There's gold in them thar hills. All you gotta do is just dig it out. Stupidity is big business, with big money to be had from those dim bulbs out there who believe anything they see on TV.
"Marie Osmond lost 50 pounds of stubborn belly fat on Nutri-System. You can, too!" Everybody knows that if you say 'stubborn belly fat' enough times, the money will flow into the advertiser coffers. And American bellies will still be layered with that stubborn belly fat. Lots of it.
"Serve-Pro; it's like it never even happened." A flood wipes out everything you own, and these guys will swoop in and make your life whole again. The ads said so. Right. They will promise to fix every damn thing, just sign here. And once your check clears, the foot dragging starts. It'll take between now and Kingdom Come for these scalawags to get your life back together, and it will never be exactly to your liking.
"Nothing ever sticks to MY pan, ever." Chef Daniel Green swears that you can buy his Gotham Steel frying pan and throw away all of your cleaning pads, scouring powder and such, just wipe his miracle pan clean with a paper towel. I actually bought into this one myself, stupid me. The pan loses its anti-stick properties after one or two uses.
If you believe these guys, the only thing you will be guaranteed to lose is not your stubborn belly fat. It's your wallet that's going to get skinny, and you will get virtually nothing in return.
Take those ads for reverse mortgages from AAG, featuring smooth talking, handsome Tom Selleck shilling these loans. Stability in retirement is what they are selling. Your home's equity turned into tax free cash, it's like money for nothing and your chicks for free. "It's just another way for the bank to take your house," and Tom poo-poohs this notion. Americans will believe Tom, he's too damn tall and handsome to lie.
Is Tom lying? Well, technically, probably not. He's reading a script. The reverse mortgage people are counting on the dumb American public to trust these celebrities (and we do), and then watch the money flow in. In fact, it is just another way for the bank to take your house. Tom may not be lying technically, but what he is saying is not what you are signing up for.

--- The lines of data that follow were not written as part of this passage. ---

Lemma mem_seg_cat_eq x y z w :
  y \in seg x z -> w \in seg x y -> w \in seg y z -> w = y.
Proof.
move=> y_xz; have [_ _] := gpathP x z; rewrite -/(seg x z) (seg_cat y_xz) cat_uniq.
case/and3P=> _ disj _ w_xy; rewrite inE => /orP[/eqP // | w_yz].
by case/negP: disj; apply/hasP; exists w.
Qed.

Lemma mem_seg_split x y z w : y \in seg x z ->
  (w \in seg x z) = (w \in seg x y) || (w \in seg y z).
Proof.
move=> y_xz; rewrite (seg_cat y_xz) mem_cat [w \in seg y z]in_cons.
by case: eqP => [-> | _]; rewrite ?mem_seg_r.
Qed.

Lemma adj_seg_cross x y z w t : y \in seg x z -> w \in seg x y -> w != y ->
  adj w t -> t \in seg y z -> t = y.
Proof.
move=> y_xz w_xy w_neq_y wt t_yz.
have ty_yz s : s \in seg t y -> s \in seg y z.
  by rewrite mem_segC => s_yt; rewrite (mem_seg_split _ t_yz) s_yt.
have w_ty : w \notin seg t y.
  by apply: contra w_neq_y => /ty_yz w_yz; rewrite (mem_seg_cat_eq y_xz w_xy w_yz).
have [ty_path ty_last ty_uniq] := gpathP t y.
have wty : t :: gpath t y = gpath w y.
  by apply: gpath_unique; rewrite //= ?wt ?ty_path // w_ty.
apply: (mem_seg_cat_eq y_xz) t_yz.
by rewrite (mem_seg_split _ w_xy) /seg -wty !inE eqxx !orbT.
Qed.

Lemma gpath_neq_nil u v : u != v -> gpath u v != [::].
Proof.
have [_ g_last _] := gpathP u v.
by apply: contraNneq => g_nil; rewrite -g_last g_nil.
Qed.

Lemma first_step_adj v u : v != u -> adj v (first_step v u).
Proof.
move/gpath_neq_nil; have [g_path _ _] := gpathP v u.
by rewrite /first_step; case: (gpath v u) g_path => //= t p /andP[].
Qed.

Lemma mem_first_step v u : v != u -> first_step v u \in seg v u.
Proof.
by move/gpath_neq_nil; rewrite /first_step /seg; case: (gpath v u) => //= t p;
  rewrite !inE eqxx orbT.
Qed.

Lemma first_step_sub v t l : v != t -> t \in seg v l -> first_step v l = first_step v t.
Proof.
move=> v_neq_t t_vl; rewrite /first_step (gpath_cat t_vl).
by case: (gpath v t) (gpath_neq_nil v_neq_t).
Qed.

Lemma first_step_eq v x l : adj v x -> x \in seg v l -> first_step v l = x.
Proof.
move=> vx x_vl; have v_neq_x : v != x by apply: contraTneq vx => ->; rewrite adj_irr.
by rewrite (first_step_sub v_neq_x x_vl) /first_step gpath_adj.
Qed.

Lemma mem_seg_first_step v a b :
  first_step v a != first_step v b -> v \in seg a b.
Proof.
move=> neq_step; have [av_path av_last av_uniq] := gpathP a v.
have [vb_path vb_last vb_uniq] := gpathP v b.
rewrite /seg; suff <- : gpath a v ++ gpath v b = gpath a b.
  by rewrite -cat_cons mem_cat mem_seg_r.
apply: gpath_unique; first by rewrite cat_path av_path av_last vb_path.
  by rewrite last_cat av_last.
rewrite -cat_cons cat_uniq av_uniq /=; move: vb_uniq => /= /andP[v_vb ->].
rewrite andbT; apply/hasP => -[t t_gvb t_av].
have v_neq_t : v != t by apply/eqP => eq_vt; rewrite {1}eq_vt t_gvb in v_vb.
have t_va : t \in seg v a by rewrite mem_segC.
have t_vb : t \in seg v b by rewrite inE t_gvb orbT.
by rewrite (first_step_sub v_neq_t t_va) (first_step_sub v_neq_t t_vb) eqxx in neq_step.
Qed.

Lemma first_step_valency v u : v != u -> first_step v u != u ->
  2 <= valency adj (first_step v u).
Proof.
move=> v_neq_u; have [] := gpathP v u; rewrite /first_step /seg.
case: (gpath v u) => [_ u_v | t [|s p]] /=.
- by move: v_neq_u; rewrite -u_v /= eqxx.
- by move=> _ -> _; rewrite eqxx.
move=> /and3P[vt ts _] _ /andP[v_notin _] _.
have v_neq_s : v != s by apply: contraNneq v_notin => ->; rewrite !inE eqxx orbT.
have card_vs : #|[set v; s]| = 2 by rewrite cards2 v_neq_s.
rewrite /valency -card_vs; apply: subset_leq_card.
by apply/subsetP => r; rewrite !inE => /orP[] /eqP ->; rewrite // adjC.
Qed.

Section LinkingNumbers.
Variable d : V -> V -> nat.
Hypothesis d_gt0 : forall v x, is_node adj v -> adj v x -> 0 < d v x.

Local Notation ell := (ell adj d).
Local Notation dv := (dv adj d).

Definition dpow (k : V -> V -> nat) : nat := \prod_w \prod_t d w t ^ k w t.

Lemma dpowD k1 k2 : dpow k1 * dpow k2 = dpow (fun w t => k1 w t + k2 w t).
Proof.
rewrite /dpow -big_split; apply: eq_bigr => w _.
by rewrite -big_split; apply: eq_bigr => t _; rewrite expnD.
Qed.

Lemma eq_dpow k1 k2 : (forall w t, k1 w t = k2 w t) -> dpow k1 = dpow k2.
Proof. by move=> eq_k; apply: eq_bigr => w _; apply: eq_bigr => t _; rewrite eq_k. Qed.

Lemma ellE x z : x != z -> ell x z =
  dpow (fun w t => [&& is_node adj w, adj w t, w \in seg x z & t \notin seg x z]).
Proof.
move=> x_neq_z; rewrite /ell (negbTE x_neq_z) big_mkcond; apply: eq_bigr => w _.
rewrite geodbE; case: (is_node adj w); case: (w \in seg x z) => /=.
- rewrite big_mkcond; apply: eq_bigr => t _; rewrite geodbE.
  by case: (adj w t); case: (t \in seg x z).
all: by rewrite big1 // => t _; rewrite ?andbF.
Qed.

Lemma dvE y : is_node adj y -> dv y = dpow (fun w t => [&& is_node adj w, adj w t & w == y]).
Proof.
move=> y_node; rewrite /dpow (bigD1 y) //= [X in _ = _ * X]big1 ?muln1 => [|w w_neq_y].
  rewrite /dv big_mkcond; apply: eq_bigr => t _.
  by rewrite y_node eqxx /=; case: (adj y t); rewrite ?expn1.
by apply: big1 => t _; rewrite (negbTE w_neq_y) !andbF expn0.
Qed.

Lemma dE p q : d p q = dpow (fun w t => (w == p) && (t == q)).
Proof.
rewrite /dpow (bigD1 p) //= [X in _ = _ * X]big1 ?muln1 => [|w w_neq_p]; last first.
  by apply: big1 => t _; rewrite (negbTE w_neq_p) expn0.
rewrite (bigD1 q) //= [X in _ = _ * X]big1 ?muln1 ?eqxx ?expn1 // => t t_neq_q.
by rewrite (negbTE t_neq_q) andbF expn0.
Qed.

Lemma ell_id x : ell x x = dv x.
Proof. by rewrite /ell eqxx. Qed.

Lemma dv_gt0 v : is_node adj v -> 0 < dv v.
Proof. by move=> v_node; apply: prodn_cond_gt0 => x; apply: d_gt0. Qed.

Lemma ell_gt0 x z : is_node adj x -> 0 < ell x z.
Proof.
move=> x_node; case: (eqVneq x z) => [<- | x_neq_z]; first by rewrite ell_id dv_gt0.
rewrite /ell (negbTE x_neq_z); apply: prodn_cond_gt0 => w /andP[w_node _].
by apply: prodn_cond_gt0 => t /andP[wt _]; apply: d_gt0.
Qed.

Lemma ellC x z : ell x z = ell z x.
Proof.
case: (eqVneq x z) => [-> // | x_neq_z].
rewrite (ellE x_neq_z) ellE 1?eq_sym //.
by apply: eq_dpow => w t; rewrite !(mem_segC x z).
Qed.

Lemma ell_mul x y z : is_node adj y -> y \in seg x z ->
  ell x z * dv y = ell x y * ell y z.
Proof.
move=> y_node y_xz.
case: (eqVneq x z) => [eq_xz | x_neq_z].
  by move: y_xz; rewrite -eq_xz /seg gpath_id inE => /eqP ->; rewrite ell_id.
case: (eqVneq x y) => [<- | x_neq_y]; first by rewrite ell_id mulnC.
case: (eqVneq y z) => [<- | y_neq_z]; first by rewrite ell_id.
rewrite (ellE x_neq_z) (ellE x_neq_y) (ellE y_neq_z) (dvE y_node) !dpowD.
apply: eq_dpow => w t /=.
case: (is_node adj w) => //=; case wt: (adj w t) => //=.
have meet_w : (w \in seg x y) && (w \in seg y z) = (w == y).
  by apply/idP/eqP => [/andP[] | ->]; [apply: mem_seg_cat_eq | rewrite mem_seg_r mem_seg_l].
have meet_t : (t \in seg x y) && (t \in seg y z) = (t == y).
  by apply/idP/eqP => [/andP[] | ->]; [apply: mem_seg_cat_eq | rewrite mem_seg_r mem_seg_l].
have not_loop : ~~ ((w == y) && (t == y)).
  by apply: contraL wt => /andP[/eqP -> /eqP ->]; rewrite adj_irr.
have cross_l : (w \in seg x y) && (w != y) && (t \in seg y z) ==> (t == y).
  by apply/implyP => /andP[/andP[w_xy w_neq_y] t_yz]; apply/eqP/(adj_seg_cross y_xz w_xy).
have cross_r : (w \in seg y z) && (w != y) && (t \in seg x y) ==> (t == y).
  apply/implyP => /andP[/andP[w_yz w_neq_y] t_xy].
  by apply/eqP/(@adj_seg_cross z y x w t); rewrite // mem_segC.
rewrite (mem_seg_split w y_xz) (mem_seg_split t y_xz).
move: meet_w meet_t not_loop cross_l cross_r.
by case: (w \in seg x y); case: (w \in seg y z); case: (t \in seg x y);
  case: (t \in seg y z); case: (w == y); case: (t == y).
Qed.

Lemma ell_adj p q : adj p q -> is_node adj p -> is_node adj q ->
  ell p q * (d p q * d q p) = dv p * dv q.
Proof.
move=> pq p_node q_node.
have p_neq_q : p != q by apply: contraTneq pq => ->; rewrite adj_irr.
rewrite (ellE p_neq_q) /seg (gpath_adj pq) (dE p q) (dE q p) (dvE p_node) (dvE q_node).
rewrite !dpowD; apply: eq_dpow => w t /=; rewrite !inE.
have wp_node : (w == p) ==> is_node adj w by apply/implyP => /eqP ->.
have wq_node : (w == q) ==> is_node adj w by apply/implyP => /eqP ->.
have pq_adj : (w == p) && (t == q) ==> adj w t by apply/implyP => /andP[/eqP -> /eqP ->].
have qp_adj : (w == q) && (t == p) ==> adj w t.
  by apply/implyP => /andP[/eqP -> /eqP ->]; rewrite adjC.
have w_pq : ~~ ((w == p) && (w == q)).
  by apply: contraNN p_neq_q => /andP[/eqP <- /eqP <-].
have t_pq : ~~ ((t == p) && (t == q)).
  by apply: contraNN p_neq_q => /andP[/eqP <- /eqP <-].
move: wp_node wq_node pq_adj qp_adj w_pq t_pq.
case: (eqVneq w t) => [-> | w_neq_t].
  by rewrite adj_irr; case: (is_node adj t); case: (t == p); case: (t == q).
have not_pp : ~~ ((w == p) && (t == p)).
  by apply: contraNN w_neq_t => /andP[/eqP -> /eqP ->].
have not_qq : ~~ ((w == q) && (t == q)).
  by apply: contraNN w_neq_t => /andP[/eqP -> /eqP ->].
move: not_pp not_qq.
by case: (is_node adj w); case: (adj w t); case: (w == p); case: (w == q);
  case: (t == p); case: (t == q).
Qed.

We used to call these loans 'second mortgages,' and they are all the same: banks loan money to home owners and use the equity in the home as collateral. Once you sign those papers, the bank just took your house. "You still own your home," Tom croons. Well, not really. The bank has a lien on your house, just like any other instrument such as a home equity line of credit (HELOC), a home equity loan, or some banks even stick to the antiquated term 'second mortgage.'
The only difference in these new fangled reverse mortgages from the old fashioned mortgages is how the loan is repaid. Rather than chip away at the interest and principal each month with a payment, these things are back loaded and are paid in full once the home 'owner' vacates the house: assuming you don't default on the banks terms for maintaining their interests on 'their' property such as failing to fix the leaking roof, pay your annual property taxes or fail to take out home owner's insurance (which would be grounds for immediate eviction of you and your loved ones from the bank's house).
In the good ol' days, home owners would pay off their 30 year mortgage, burn the mortgage paper at the pay off date, and live happily ever after in their free and clear house. And after the Good Lord calls these folks home, the off spring inherit the homestead.
Those days are long gone. The bank now owns the home, until its interests are paid in full after the house is vacated. Which is usually a hefty sum, often equalling the fair market value of the house (which the bank will arbitrarily and unilaterally determine).
These ads, all of them, promise the world to a gullible viewing public. Word of advice: don't believe a word, not a syllable of what these shysters are hawking. It's all crap, and the only winner in any transaction with these guys is them.